EXTRACTED RECORDS Start Marker

Lemma tau_pi1_scale l n U Z :
  tau_pi1 (scale4 l U) (scale2 n Z) = scale2 (l * n) (tau_pi1 U Z).
Proof. by rewrite /tau_pi1 /scale2 /=; congr pair; ring. Qed.

Lemma tau_pi3_scale l n U Z :
  tau_pi3 (scale4 l U) (scale2 n Z) = scale2 (l ^+ 2 * n) (tau_pi3 U Z).
Proof. by rewrite /tau_pi3 /scale2 /=; congr pair; ring. Qed.

Lemma tau_pi3'_scale l n U Z :
  tau_pi3' (scale4 l U) (scale2 n Z) = scale2 (l ^+ 2 * n) (tau_pi3' U Z).
Proof. by rewrite /tau_pi3' /scale2 /=; congr pair; ring. Qed.

Lemma pi1_is_segre l s g t : prop2 s t -> pi1_is (scale4 l (segre s g)) t.
Proof.
move=> h; split;
  [apply: (prop2_scale2_eq (c := l * g.1) h) | apply: (prop2_scale2_eq (c := l * g.2) h)];
  by rewrite /scale2 /=; congr pair; ring.
Qed.

Lemma pi2_is_segre l s g t : prop2 g t -> pi2_is (scale4 l (segre s g)) t.
Proof.
move=> h; split;
  [apply: (prop2_scale2_eq (c := l * s.1) h) | apply: (prop2_scale2_eq (c := l * s.2) h)];
  by rewrite /scale2 /=; congr pair; ring.
Qed.

End TauFormulas.

Section AdditionLawCertificates.
Variables (k : fieldType) (d a0 a1 b0 b1 e0 e1 g0 g1 : k).
Local Notation P := (segre (a0, a1) (b0, b1)).
Local Notation Q := (segre (e0, e1) (g0, g1)).
Local Notation U := (segre (b0, b1) (g0, g1)).
Local Notation Z := (a0 * e0, a1 * e1).
Hypotheses (onP : edwards_form d P = 0) (onQ : edwards_form d Q = 0).

Lemma tau_pi1_addB : tau_pi1 d U Z = head (0, 0) (addB d P Q).
Proof. by rewrite /tau_pi1 /=; congr pair; ring. Qed.

(* Cofactors of the two curve equations, found by computer algebra. *)
Lemma addA_tau_pi3 A :
  inL A (Defs.addA d P Q) -> prop2 A (e1 * (tau_pi3 d U Z).1, e0 * (tau_pi3 d U Z).2).
Proof.
rewrite /prop2 => -[<- | [<- | []]]; apply/eqP; rewrite -subr_eq0; apply/eqP.
  apply: (lincomb2_eq0
    (c := b1 * e0 * g0 * ((e0 * g0) ^+ 2 - (e1 * g0) ^+ 2 - (e0 * g1) ^+ 2))
    (c' := b1 * e0 * g0 * ((a1 * b0) ^+ 2 + (a0 * b1) ^+ 2 - d * (a1 * b1) ^+ 2))
    onP onQ).
  by rewrite /edwards_form /=; ring.
apply: (lincomb2_eq0 (c := - (b0 * e0 * e1 ^+ 2 * g0 ^+ 2 * g1))
                     (c' := a0 ^+ 2 * b0 * b1 ^+ 2 * e0 * g1) onP onQ).
by rewrite /edwards_form /=; ring.
Qed.

Lemma addA_tau_pi3' A :
  inL A (Defs.addA d P Q) -> prop2 A (e1 * (tau_pi3' d U Z).1, e0 * (tau_pi3' d U Z).2).
Proof.
rewrite /prop2 => -[<- | [<- | []]]; apply/eqP; rewrite -subr_eq0; apply/eqP.
  apply: (lincomb2_eq0 (c := b1 * e0 * e1 ^+ 2 * g0 ^+ 2 * g1)
                       (c' := a0 * a1 * b0 * b1 ^+ 2 * e1 * g0) onP onQ).
  by rewrite /edwards_form /=; ring.
apply: (lincomb2_eq0 (c := b0 * e0 * e1 ^+ 2 * g0 * g1 ^+ 2)
                     (c' := a0 * a1 * b0 ^+ 2 * b1 * e1 * g1) onP onQ).
by rewrite /edwards_form /=; ring.
Qed.

Lemma tau_pi3_rows_eq0 :
  Defs.addA d P Q = [:: (0, 0); (0, 0)] -> tau_pi3 d U Z = (0, 0).
Proof.
move=> [A0 A1 B0 B1]; congr pair.
  apply: (lincomb2_eq0 (c := b0 * g0) (c' := - (d * b1 * g1)) A0 B0).
  by rewrite /tau_pi3 /=; ring.
have [e00 | ne0] := eqVneq e0 0.
  apply: (lincomb3_eq0 (c := b0 * g1) (c' := - (b1 * g0))
                       (c'' := 2 * a0 * b0 * b1 * (g0 ^+ 2 - g1 ^+ 2)) B0 A0 e00).
  by rewrite /tau_pi3 /=; ring.
apply: (mulIf ne0); rewrite mul0r.
apply: (lincomb3_eq0 (c := b0 * e1 * g0) (c' := - (d * b1 * e1 * g1))
                     (c'' := a0 * b0 * b1) A1 B1 onQ).
by rewrite /edwards_form /tau_pi3 /=; ring.
Qed.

EXTRACTED RECORDS End Marker

▶ WHAT YOU ARE ASKED TO DO: From the first line of the data above to the line holding "[apply: (prop2_scale2_eq (c := l * s.1)", reproduce each line exactly; emit no other lines.

▶ RESPONSE:
Lemma tau_pi1_scale l n U Z :
  tau_pi1 (scale4 l U) (scale2 n Z) = scale2 (l * n) (tau_pi1 U Z).
Proof. by rewrite /tau_pi1 /scale2 /=; congr pair; ring. Qed.

Lemma tau_pi3_scale l n U Z :
  tau_pi3 (scale4 l U) (scale2 n Z) = scale2 (l ^+ 2 * n) (tau_pi3 U Z).
Proof. by rewrite /tau_pi3 /scale2 /=; congr pair; ring. Qed.

Lemma tau_pi3'_scale l n U Z :
  tau_pi3' (scale4 l U) (scale2 n Z) = scale2 (l ^+ 2 * n) (tau_pi3' U Z).
Proof. by rewrite /tau_pi3' /scale2 /=; congr pair; ring. Qed.

Lemma pi1_is_segre l s g t : prop2 s t -> pi1_is (scale4 l (segre s g)) t.
Proof.
move=> h; split;
  [apply: (prop2_scale2_eq (c := l * g.1) h) | apply: (prop2_scale2_eq (c := l * g.2) h)];
  by rewrite /scale2 /=; congr pair; ring.
Qed.

Lemma pi2_is_segre l s g t : prop2 g t -> pi2_is (scale4 l (segre s g)) t.
Proof.
move=> h; split;
  [apply: (prop2_scale2_eq (c := l * s.1) h) | apply: (prop2_scale2_eq (c := l * s.2) h)];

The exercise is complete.